I assume that the $v_j$ and the $u_j$ are given as column vectors with respect to the standard basis $(e_1,\ldots,e_n)$ of $X$, and you want the matrix of the above $A$ with respect to this same basis. To this end let $V$, resp. $U$, be the $n\times n$-matrix with the first $n$ vectors $v_j$, resp. $u_j$, in its columns. Then we want that $${\rm col}_j(AV)=Av_j=u_j={\rm col}_j(U)\qquad(1\leq j\leq n)\ ,$$
which is tantamount to $AV=U$. It follows that the matrix $A$ we are looking for is given by
$$A=U\>V^{-1}\ .$$
A: Basically this is equivalent to solve overdetermined equations:
Let $$\mathbf{u}_i=[u_{i1},\cdots, u_{in}]^T,$$ $$\mathbf{v}_i=[v_{i1},\cdots, v_{in}]^T, i=1,\cdots, m$$ and $$\mathbf{A}=[\mathbf{a}_1,\cdots,\mathbf{a}_n]^T$$
where $\mathbf{a}_j=[a_{j1},\cdots, a_{jn}]$ ($j=1,\cdots, n$), so we have $$\mathbf{u}_i= \mathbf{A}\mathbf{v}_i$$.
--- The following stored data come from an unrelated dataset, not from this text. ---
Lemma is_derive_far_form (t : R) : V rho = 0 -> rho < t ->
  is_derive far_form t (om * S t + 2 * m * X t).
Proof.
  intros Hv0 Ht.
  pose proof (is_derive_dens _ _ _ _ _ _ _ _ sys t Ht) as DS.
  pose proof (is_derive_cross_re _ _ _ _ _ _ _ _ sys t Ht) as DX.
  pose proof (is_derive_cross_im _ _ _ _ _ _ _ _ sys t Ht) as DY.
  unfold far_form, mass_current.
  auto_derive; [repeat split; eexists; eassumption|].
  rewrite (Derive_eq _ _ _ DS), (Derive_eq _ _ _ DX), (Derive_eq _ _ _ DY).
  rewrite (Vrad_expand a Q e om k rho t), Hv0.
  unfold mass_current. field. lra.
Qed.

Lemma far_ratio_nondecreasing (s t : R) : V rho = 0 -> m <= Rabs om -> rho < s <= t ->
  / om * far_form s <= / om * far_form t.
Proof.
  intros Hv0 Hom Hst.
  assert (Hom0 : om <> 0) by (intros E; rewrite E, Rabs_R0 in Hom; lra).
  apply (nondecreasing_of_derive_nonneg (fun u => / om * far_form u)); [lra|]. intros u Hu.
  exists (/ om * (om * S u + 2 * m * X u)).
  split; [apply is_derive_scal, is_derive_far_form; lra|].
  replace (/ om * (om * S u + 2 * m * X u)) with (S u + m / om * (2 * X u))
    by (field; exact Hom0).
  assert (Hratio : Rabs (m / om) <= 1).
  { unfold Rdiv. rewrite Rabs_mult, Rabs_inv, (Rabs_pos_eq m) by lra.
    apply Rmult_le_reg_r with (Rabs om); [lra|].
    rewrite Rmult_assoc, Rinv_l, Rmult_1_l, Rmult_1_r by lra. exact Hom. }
  pose proof (two_abs_cross_re_le x1 y1 x2 y2 u) as HX.
  assert (Rabs (m / om * (2 * X u)) <= S u).
  { rewrite Rabs_mult, Rabs_mult, (Rabs_pos_eq 2) by lra.
    pose proof (Rabs_pos (m / om)). pose proof (Rabs_pos (X u)). nra. }
  pose proof (Rle_abs (- (m / om * (2 * X u)))) as Hneg.
  rewrite Rabs_Ropp in Hneg. lra.
Qed.

Lemma far_ratio_pos (t : R) : e * Q = 0 -> m <= Rabs om ->
  rho + lam ^ 2 / (2 * m ^ 2 * rho) < t -> 0 < / om * far_form t.
Proof.
  intros HeQ Hom Ht.
  assert (Hom0 : om <> 0) by (intros E; rewrite E, Rabs_R0 in Hom; lra).
  assert (Hm2 : 0 < 2 * m ^ 2 * rho) by (pose proof (pow_lt m 2 m_pos); nra).
  assert (0 <= lam ^ 2 / (2 * m ^ 2 * rho)) by (apply Rdiv_le_0_compat; [apply pow2_ge_0 | lra]).
  assert (Hlam : lam ^ 2 < 2 * m ^ 2 * rho * t).
  { replace (lam ^ 2) with (2 * m ^ 2 * rho * (lam ^ 2 / (2 * m ^ 2 * rho))) by (field; lra).
    apply Rmult_lt_compat_l; lra. }
  pose proof (dens_pos_outside t ltac:(lra)) as HS.
  (* Cauchy-Schwarz: |2 J| <= sqrt (m^2 t^2 + lam^2) S < m (t + rho) S <= |om| (t + rho) S *)
  assert (HJ : Rabs (2 * J t) < Rabs (om * (t + rho) * S t)).
  { apply Rsqr_lt_abs_0. rewrite !Rsqr_pow2.
    pose proof (mass_current_sq_le m lam x1 y1 x2 y2 t) as Hsq.
    apply Rle_lt_trans with (((m * t) ^ 2 + lam ^ 2) * S t ^ 2); [lra|].
    replace ((om * (t + rho) * S t) ^ 2) with ((om * (t + rho)) ^ 2 * S t ^ 2) by ring.
    apply Rmult_lt_compat_r; [apply pow_lt; lra|].
    apply Rlt_le_trans with ((m * (t + rho)) ^ 2); [nra|].
    rewrite !Rpow_mult_distr, <- (pow2_abs om).
    apply Rmult_le_compat_r; [apply pow2_ge_0|]. apply pow_incr. lra. }
  unfold far_form. rewrite HeQ, Rplus_0_r.
  replace (/ om * (om * (t + rho) * S t + 2 * J t)) with ((t + rho) * S t + / om * (2 * J t))
    by (field; exact Hom0).
  rewrite !Rabs_mult, (Rabs_pos_eq 2), (Rabs_pos_eq (t + rho)), (Rabs_pos_eq (S t)) in HJ by lra.
  assert (Hinv : Rabs (/ om * (2 * J t)) < (t + rho) * S t).
  { rewrite Rabs_mult, Rabs_inv.
    apply Rmult_lt_reg_l with (Rabs om); [apply Rabs_pos_lt, Hom0|].
    rewrite <- Rmult_assoc, Rinv_r, Rmult_1_l by (apply Rabs_no_R0, Hom0).
    rewrite Rabs_mult, (Rabs_pos_eq 2) by lra. lra. }
  pose proof (Rle_abs (- (/ om * (2 * J t)))) as Hneg. rewrite Rabs_Ropp in Hneg. lra.
Qed.

Lemma far_ratio_le (t : R) : e * Q = 0 -> m <= Rabs om -> 1 <= t ->
  / om * far_form t <= (2 + rho + Rabs lam / m) * t * S t.
Proof.
  intros HeQ Hom Ht.
  assert (Hom0 : om <> 0) by (intros E; rewrite E, Rabs_R0 in Hom; lra).
  pose proof (dens_nonneg x1 y1 x2 y2 t) as HS.
  pose proof (mass_current_abs_le m lam x1 y1 x2 y2 t ltac:(nra)) as HJ.
  unfold far_form. rewrite HeQ, Rplus_0_r.
  replace (/ om * (om * (t + rho) * S t + 2 * J t)) with ((t + rho) * S t + / om * (2 * J t))
    by (field; exact Hom0).
  assert (Hinv : / om * (2 * J t) <= (t + Rabs lam / m) * S t).
  { eapply Rle_trans; [apply Rle_abs|].
    rewrite Rabs_mult, Rabs_inv, Rabs_mult, (Rabs_pos_eq 2) by lra.
    apply Rle_trans with (/ m * ((m * t + Rabs lam) * S t)).
    - pose proof (Rabs_pos_lt _ Hom0). pose proof (Rabs_pos (J t)).
      apply Rmult_le_compat; [apply Rlt_le, Rinv_0_lt_compat; lra | lra | | lra].
      apply Rinv_le_contravar; lra.
    - right. field. lra. }
  pose proof (Rdiv_le_0_compat _ _ (Rabs_pos lam) m_pos).
  assert (Rabs lam / m <= Rabs lam / m * t) by nra.
  assert (rho <= rho * t) by nra.
  assert ((t + rho) + (t + Rabs lam / m) <= (2 + rho + Rabs lam / m) * t) by nra.
  assert (((t + rho) + (t + Rabs lam / m)) * S t <= (2 + rho + Rabs lam / m) * t * S t)
    by (apply Rmult_le_compat_r; lra).
  lra.
Qed.

Lemma dens_lower_bound_at_infinity : V rho = 0 -> e * Q = 0 -> m <= Rabs om ->
  exists c T, 0 < c /\ forall t, T < t -> c / t <= S t.
Proof.
  intros Hv0 HeQ Hom.
  set (T := rho + lam ^ 2 / (2 * m ^ 2 * rho) + 1).
  assert (0 <= lam ^ 2 / (2 * m ^ 2 * rho))
    by (apply Rdiv_le_0_compat; [apply pow2_ge_0 | pose proof (pow_lt m 2 m_pos); nra]).
  assert (HT : rho + lam ^ 2 / (2 * m ^ 2 * rho) < T /\ 1 <= T) by (unfold T; lra).
  set (C := 2 + rho + Rabs lam / m).
  assert (HC : 0 < C) by (unfold C; pose proof (Rdiv_le_0_compat _ _ (Rabs_pos lam) m_pos); lra).
  pose proof (far_ratio_pos T HeQ Hom ltac:(lra)) as HpT.
  exists (/ om * far_form T / C), T. split; [apply Rdiv_lt_0_compat; lra|].
  intros t Ht.
  pose proof (far_ratio_nondecreasing T t Hv0 Hom ltac:(lra)).
  pose proof (far_ratio_le t HeQ Hom ltac:(lra)).
  apply Rmult_le_reg_r with (C * t); [nra|].
  set (p := / om * far_form T) in *.
  replace (p / C / t * (C * t)) with p by (field; lra).
  unfold C in *. lra.
Qed.

Lemma abs_omega_lt_mass : e * Q = 0 -> Rabs om < m.
Proof.
  intros HeQ.
  destruct (Rlt_le_dec (Rabs om) m) as [|Hom]; [assumption | exfalso].
  destruct (dens_lower_bound_at_infinity Vrad_horizon_eq0 HeQ Hom) as (c & T & Hc & Hlow).
  apply (not_ex_RInt_gen_pinfty_inv (Fa := at_right rho) weighted_dens c (Rmax T rho));
    [exact Hc | | exact integrable].
  intros t Ht. pose proof (Rmax_l T rho). pose proof (Rmax_r T rho).
  apply Rle_trans with (S t); [apply Hlow; lra|].
  pose proof (dens_nonneg x1 y1 x2 y2 t).
  apply Rmult_le_reg_r with ((t - rho) ^ 2); [apply pow_lt; lra|].
  unfold Rdiv. rewrite Rmult_assoc, Rinv_l, Rmult_1_r by (apply pow_nonzero; lra).
  apply Rmult_le_compat_l; [lra|]. nra.
Qed.

End NormalizableRadialSolution.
To determine $\mathbf{A}$, we can solve the following equation
\begin{equation}
\begin{bmatrix}
\mathbf{u}_1 \\
\vdots \\
\mathbf{u}_m
\end{bmatrix}
=\begin{bmatrix}
\mathbf{V}_1 \\
\vdots \\
\mathbf{V}_m
\end{bmatrix}
\begin{bmatrix}
\mathbf{a}_1^T \\
\vdots \\
\mathbf{a}_n^T
\end{bmatrix}
\end{equation}
where
\begin{equation}
\mathbf{V}_i =
\begin{bmatrix}
\mathbf{v}_i^T & \mathbf{0} & \cdots & \mathbf{0}\\
\mathbf{0} & \mathbf{v}_i^T & \cdots & \mathbf{0}\\
\vdots & \vdots & \ddots & \vdots \\
\mathbf{0} & \mathbf{0}& \cdots &\mathbf{v}_i^T& 
\end{bmatrix}_{n \times n^2}
\end{equation}